There are a number of collections of scholarship in Germany housed in digital open access repositories. They contain journal articles, book chapters, data, and other research outputs that are free to read. As of March 2018 some 161 institutions in Germany maintain repositories, according to the UK-based Directory of Open Access Repositories.

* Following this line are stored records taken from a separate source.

(* Let $n\ge1$ and $B,B'\in\mathrm{GL}_n(\mathbb{R})$. Then $\ker L^\Psi_B=\operatorname{Im}L^\Phi_B$ if and only if $\ker L^\Psi_{B'}=\operatorname{Im}L^\Phi_{B'}$.
   Context: $\mathcal{S}^r(\mathbb{R}^n)$ denotes symmetric $r$-linear maps $(\mathbb{R}^n)^r\to\mathbb{R}^n$; $\langle\cdot,\cdot\rangle$ is the Euclidean inner product. For $v\in\mathbb{R}^n$, $Q_v(\xi,\eta)=\langle\xi,\eta\rangle v-\langle\xi,v\rangle\eta-\langle\eta,v\rangle\xi$. For $Q\in\mathcal{S}^2(\mathbb{R}^n)$ and matrices $A,C$: $Q\circ(A,C)(\xi,\eta)=Q(A\xi,C\eta)$, $A\circ Q(\xi,\eta)=A(Q(\xi,\eta))$. For $Q,Q'\in\mathcal{S}^2(\mathbb{R}^n)$, $[Q,Q'](\xi,\eta,\theta)=\{Q(\xi,Q'(\eta,\theta))+Q(\eta,Q'(\theta,\xi))+Q(\theta,Q'(\xi,\eta))\}-\{Q'(\xi,Q(\eta,\theta))+Q'(\eta,Q(\theta,\xi))+Q'(\theta,Q(\xi,\eta))\}$. For $B=(v_1,\dots,v_n)\in\mathrm{GL}_n(\mathbb{R})$ (columns), $L^\Phi_B:M_n(\mathbb{R})^2\to\mathcal{S}^2(\mathbb{R}^n)^n$ is $L^\Phi_B(A',B'')=(A'\circ Q_{v_i}-Q_{v_i}\circ(A',I)-Q_{v_i}\circ(I,A')+Q_{\omega_i})_{1\le i\le n}$ where $B''=(\omega_1,\dots,\omega_n)$, and $L^\Psi_B:\mathcal{S}^2(\mathbb{R}^n)^n\to\mathcal{S}^3(\mathbb{R}^n)^{n(n-1)/2}$ is $L^\Psi_B(q_1,\dots,q_n)=([q_i,Q_{v_j}]-[q_j,Q_{v_i}])_{1\le i<j\le n}$. *)

From HB Require Import structures.
From mathcomp Require Import all_boot all_order all_algebra.
From mathcomp Require Import reals.
Set Implicit Arguments. Unset Strict Implicit. Unset Printing Implicit Defensive.
Import Order.TTheory GRing.Theory Num.Theory.
Local Open Scope ring_scope.

Section Defs.
Variables (R : realType) (n : nat).

Definition dotv (x y : 'cV[R]_n) : R := \sum_(k < n) x k 0 * y k 0.

Definition map2 := 'cV[R]_n -> 'cV[R]_n -> 'cV[R]_n.
Definition map3 := 'cV[R]_n -> 'cV[R]_n -> 'cV[R]_n -> 'cV[R]_n.

Definition is_sym2 (q : map2) : Prop :=
  (forall x y, q x y = q y x) /\
  (forall (a : R) x y z, q (a *: x + y) z = a *: q x z + q y z).

Definition Qv (v : 'cV[R]_n) : map2 :=
  fun x y => dotv x y *: v - dotv x v *: y - dotv y v *: x.

Definition bracket (Q Q' : map2) : map3 :=
  fun x y z =>
    (Q x (Q' y z) + Q y (Q' z x) + Q z (Q' x y))
  - (Q' x (Q y z) + Q' y (Q z x) + Q' z (Q x y)).

(* i-th component of L^Phi_B(A',B''); v_i, omega_i are the i-th columns *)
Definition LPhi (B A' B'' : 'M[R]_n) (i : 'I_n) : map2 :=
  fun x y =>
    A' *m Qv (col i B) x y - Qv (col i B) (A' *m x) y
    - Qv (col i B) x (A' *m y) + Qv (col i B'') x y.

Definition LPsi (B : 'M[R]_n) (q : 'I_n -> map2) (i j : 'I_n) : map3 :=
  fun x y z => bracket (q i) (Qv (col j B)) x y z
             - bracket (q j) (Qv (col i B)) x y z.

Definition ker_eq_im (B : 'M[R]_n) : Prop :=
  forall q : 'I_n -> map2, (forall i, is_sym2 (q i)) ->
    ((forall i j : 'I_n, (i < j)%N -> forall x y z, LPsi B q i j x y z = 0)
     <-> exists A' B'' : 'M[R]_n, forall i x y, q i x y = LPhi B A' B'' i x y).

End Defs.

(* The operators are equivariant under a change of basis: if C is invertible
   and q is recombined by C, i.e. (q C)_i = sum_l C_li q_l, then
   L^Psi_{BC}(q C) is a bilinear recombination of the components of L^Psi_B(q)
   (and the antisymmetry of L^Psi in (i,j) makes "vanishing for i<j" equivalent
   to vanishing for all i,j), while L^Phi_{BC}(A', B''C) = L^Phi_B(A', B'') C.
   Hence q |-> q C maps ker L^Psi_B onto ker L^Psi_{BC} and Im L^Phi_B onto
   Im L^Phi_{BC}, and any B' is B (B^-1 B'). *)
From HB Require Import structures.
From mathcomp Require Import all_boot all_order all_algebra.
From mathcomp Require Import reals.
From mathcomp Require Import ring.
From Stdlib Require Import FunctionalExtensionality.
Set Implicit Arguments. Unset Strict Implicit. Unset Printing Implicit Defensive.
Import Order.TTheory GRing.Theory Num.Theory.
Local Open Scope ring_scope.

Lemma linear_fun_sum (R : pzRingType) (I : finType) (V W : lmodType R) (f : V -> W)
    (f_lin : forall a u v, f (a *: u + v) = a *: f u + f v)
    (c : I -> R) (w : I -> V) :
  f (\sum_k c k *: w k) = \sum_k c k *: f (w k).
Proof.
have f0 : f 0 = 0.
  have := f_lin 1 0 0; rewrite !scale1r addr0 => f00.
  by apply: (addrI (f 0)); rewrite addr0 -f00.
apply: (big_ind2 (fun a b => f a = b)) => [//|u u' v v' <- <-|k _].
- by rewrite -[u]scale1r f_lin !scale1r.
- by rewrite -[_ *: _]addr0 f_lin f0 addr0.
Qed.

Section ChangeOfBasis.
Variables (R : realType) (n : nat).
Implicit Types (v w x y z : 'cV[R]_n) (B C D : 'M[R]_n) (q : 'I_n -> map2 R n).

Lemma dotvC x y : dotv x y = dotv y x.
Proof. by apply: eq_bigr => k _; rewrite mulrC. Qed.

Lemma dotv_linear_r a x y z : dotv x (a *: y + z) = a * dotv x y + dotv x z.
Proof.
rewrite /dotv mulr_sumr -big_split; apply: eq_bigr => k _.
by rewrite !mxE mulrDr mulrCA.
Qed.

Lemma dotv_linear_l a x y z : dotv (a *: x + y) z = a * dotv x z + dotv y z.
Proof. by rewrite dotvC dotv_linear_r !(dotvC z). Qed.

Lemma Qv_sym2 v : is_sym2 (Qv v).
Proof.
split=> [x y|a x y z]; rewrite /Qv; last rewrite !dotv_linear_l.
  by rewrite dotvC; apply/matrixP => r c; rewrite !mxE; ring.
by apply/matrixP => r c; rewrite !mxE; ring.
Qed.

Lemma Qv_linear a v w x y : Qv (a *: v + w) x y = a *: Qv v x y + Qv w x y.
Proof. by rewrite /Qv !dotv_linear_r; apply/matrixP => r c; rewrite !mxE; ring. Qed.

Lemma sym2_linear_r (p : map2 R n) : is_sym2 p ->
  forall x a y z, p x (a *: y + z) = a *: p x y + p x z.
Proof. by case=> p_sym p_lin x a y z; rewrite p_sym p_lin !(p_sym _ x). Qed.

Lemma col_mulmx B C j : col j (B *m C) = \sum_k C k j *: col k B.
Proof.
apply/matrixP => r c; rewrite !mxE summxE; apply: eq_bigr => k _.
by rewrite !mxE mulrC.
Qed.

Lemma Qv_col_mulmx B C j x y :
  Qv (col j (B *m C)) x y = \sum_k C k j *: Qv (col k B) x y.
Proof.
by rewrite col_mulmx (linear_fun_sum (f := fun v => Qv v x y) (fun a u v => Qv_linear a u v x y)).
Qed.

Lemma bracket_sum (P P' : 'I_n -> map2 R n) (c d : 'I_n -> R) :
    (forall l, is_sym2 (P l)) -> (forall k, is_sym2 (P' k)) -> forall x y z,
  bracket (fun a b => \sum_l c l *: P l a b) (fun a b => \sum_k d k *: P' k a b) x y z
  = \sum_l \sum_k (c l * d k) *: bracket (P l) (P' k) x y z.
Proof.
move=> P_sym P'_sym x y z.
have expand_PP' a b e : \sum_l c l *: P l a (\sum_k d k *: P' k b e)
    = \sum_l \sum_k (c l * d k) *: P l a (P' k b e).
  apply: eq_bigr => l _; rewrite (linear_fun_sum (sym2_linear_r (P_sym l) a)) scaler_sumr.
  by apply: eq_bigr => k _; rewrite scalerA.
have expand_P'P a b e : \sum_k d k *: P' k a (\sum_l c l *: P l b e)
    = \sum_l \sum_k (c l * d k) *: P' k a (P l b e).
  rewrite exchange_big; apply: eq_bigr => k _.
  rewrite (linear_fun_sum (sym2_linear_r (P'_sym k) a)) scaler_sumr.
  by apply: eq_bigr => l _; rewrite scalerA mulrC.
rewrite /bracket /= !expand_PP' !expand_P'P.
under eq_bigr => l _ do under eq_bigr => k _ do rewrite scalerBr !scalerDr.
under eq_bigr => l _ do rewrite sumrB !big_split.
by rewrite sumrB !big_split.
Qed.

Definition comb C q : 'I_n -> map2 R n := fun i x y => \sum_l C l i *: q l x y.

Lemma comb_sym2 C q : (forall i, is_sym2 (q i)) -> forall i, is_sym2 (comb C q i).
Proof.
move=> q_sym i; split=> [x y|a x y z]; rewrite /comb.
  by apply: eq_bigr => l _; rewrite (proj1 (q_sym l)).
rewrite scaler_sumr -big_split; apply: eq_bigr => l _.
by rewrite (proj2 (q_sym l)) scalerDr !scalerA mulrC.
Qed.

Lemma comb_mulmx C D q : comb C (comb D q) = comb (D *m C) q.
Proof.
do 3!apply: functional_extensionality => ?; rewrite /comb.
under eq_bigr => l _ do rewrite scaler_sumr.
rewrite exchange_big; apply: eq_bigr => m _.
rewrite mxE scaler_suml; apply: eq_bigr => l _.
by rewrite scalerA mulrC.
Qed.

Lemma comb1 q : comb 1%:M q = q.
Proof.
apply: functional_extensionality => i.
do 2!apply: functional_extensionality => ?.
rewrite /comb (bigD1 i) //= big1 ?addr0.
  by rewrite mxE eqxx scale1r.
by move=> l /negbTE l_neq; rewrite mxE l_neq scale0r.
Qed.

Lemma LPsi_comb B C q i j x y z : (forall i, is_sym2 (q i)) ->
  LPsi (B *m C) (comb C q) i j x y z
  = \sum_l \sum_k (C l i * C k j) *: LPsi B q l k x y z.
Proof.
move=> q_sym.
have Qv_colE k : Qv (col k (B *m C)) = fun a b => \sum_l C l k *: Qv (col l B) a b.
  by do 2!apply: functional_extensionality => ?; apply: Qv_col_mulmx.
have Qv_sym k : is_sym2 (Qv (col k B)) by apply: Qv_sym2.
rewrite /LPsi !Qv_colE !(bracket_sum _ _ q_sym Qv_sym).
rewrite [X in _ - X = _]exchange_big -sumrB; apply: eq_bigr => l _.
rewrite -sumrB; apply: eq_bigr => k _.
by rewrite [RHS]scalerBr [C k j * _]mulrC.
Qed.

Lemma LPhi_comb B C A' B'' i x y :
  LPhi (B *m C) A' (B'' *m C) i x y = \sum_l C l i *: LPhi B A' B'' l x y.
Proof.
rewrite /LPhi !Qv_col_mulmx mulmx_sumr.
under eq_bigr => k _ do rewrite -scalemxAr.
under [RHS]eq_bigr => k _ do rewrite scalerDr 2!scalerBr.
by rewrite big_split /= !sumrB.
Qed.

Definition in_ker_LPsi B q :=
  forall i j : 'I_n, (i < j)%N -> forall x y z, LPsi B q i j x y z = 0.

Definition in_im_LPhi B q :=
  exists A' B'' : 'M[R]_n, forall i x y, q i x y = LPhi B A' B'' i x y.

Lemma in_ker_LPsi_all B q : in_ker_LPsi B q -> forall l k x y z, LPsi B q l k x y z = 0.
Proof.
move=> q_ker l k x y z; case: (ltngtP l k) => [lt_lk|lt_kl|/val_inj ->].
- exact: q_ker.
- by move: (q_ker _ _ lt_kl x y z); rewrite /LPsi => /eqP; rewrite -oppr_eq0 opprB => /eqP.
- by rewrite /LPsi subrr.
Qed.

Lemma in_ker_LPsi_comb B C q : (forall i, is_sym2 (q i)) ->
  in_ker_LPsi B q -> in_ker_LPsi (B *m C) (comb C q).
Proof.
move=> q_sym q_ker i j _ x y z; rewrite LPsi_comb //.
by apply: big1 => l _; apply: big1 => k _; rewrite in_ker_LPsi_all // scaler0.
Qed.

Lemma in_im_LPhi_comb B C q : in_im_LPhi B q -> in_im_LPhi (B *m C) (comb C q).
Proof.
case=> A' [B'' qE]; exists A', (B'' *m C) => i x y.
by rewrite LPhi_comb; apply: eq_bigr => l _; rewrite qE.
Qed.

Lemma ker_eq_im_mulmx B C : C \in unitmx -> ker_eq_im B -> ker_eq_im (B *m C).
Proof.
move=> C_unit B_ker_im q q_sym.
have BCCiE : B *m C *m invmx C = B by rewrite -mulmxA mulmxV // mulmx1.
have qE : q = comb C (comb (invmx C) q) by rewrite comb_mulmx mulVmx // comb1.
have /B_ker_im ker_im := comb_sym2 (invmx C) q_sym.
split=> [q_ker | q_im]; rewrite qE.
- apply/in_im_LPhi_comb/ker_im; rewrite -BCCiE.
  exact: in_ker_LPsi_comb.
- apply/in_ker_LPsi_comb; first exact: comb_sym2.
  by apply/ker_im; rewrite -BCCiE; apply: in_im_LPhi_comb.
Qed.

End ChangeOfBasis.

Theorem lemma2p11 (R : realType) (n : nat) (hn : (1 <= n)%N)
  (B B' : 'M[R]_n) (hB : B \in unitmx) (hB' : B' \in unitmx) :
  ker_eq_im B <-> ker_eq_im B'.
Proof.
have transfer (X Y : 'M[R]_n) :
    X \in unitmx -> Y \in unitmx -> ker_eq_im X -> ker_eq_im Y.
  move=> X_unit Y_unit; have -> : Y = X *m (invmx X *m Y).
    by rewrite mulmxA mulmxV // mul1mx.
  by apply: ker_eq_im_mulmx; rewrite unitmx_mul unitmx_inv X_unit.
by split; apply: transfer.
Qed.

Listings of German repositories can be found in the Germany-based registries Bielefeld Academic Search Engine (BASE) and Deutsche Initiative für Netzwerkinformation (DINI), and in international registries Directory of Open Access Repositories (OpenDOAR), Registry of Open Access Repositories (ROAR), and Open Archives Initiative's OAI-PMH Registered Data Providers. Experts consider BASE the most comprehensive registry for Germany.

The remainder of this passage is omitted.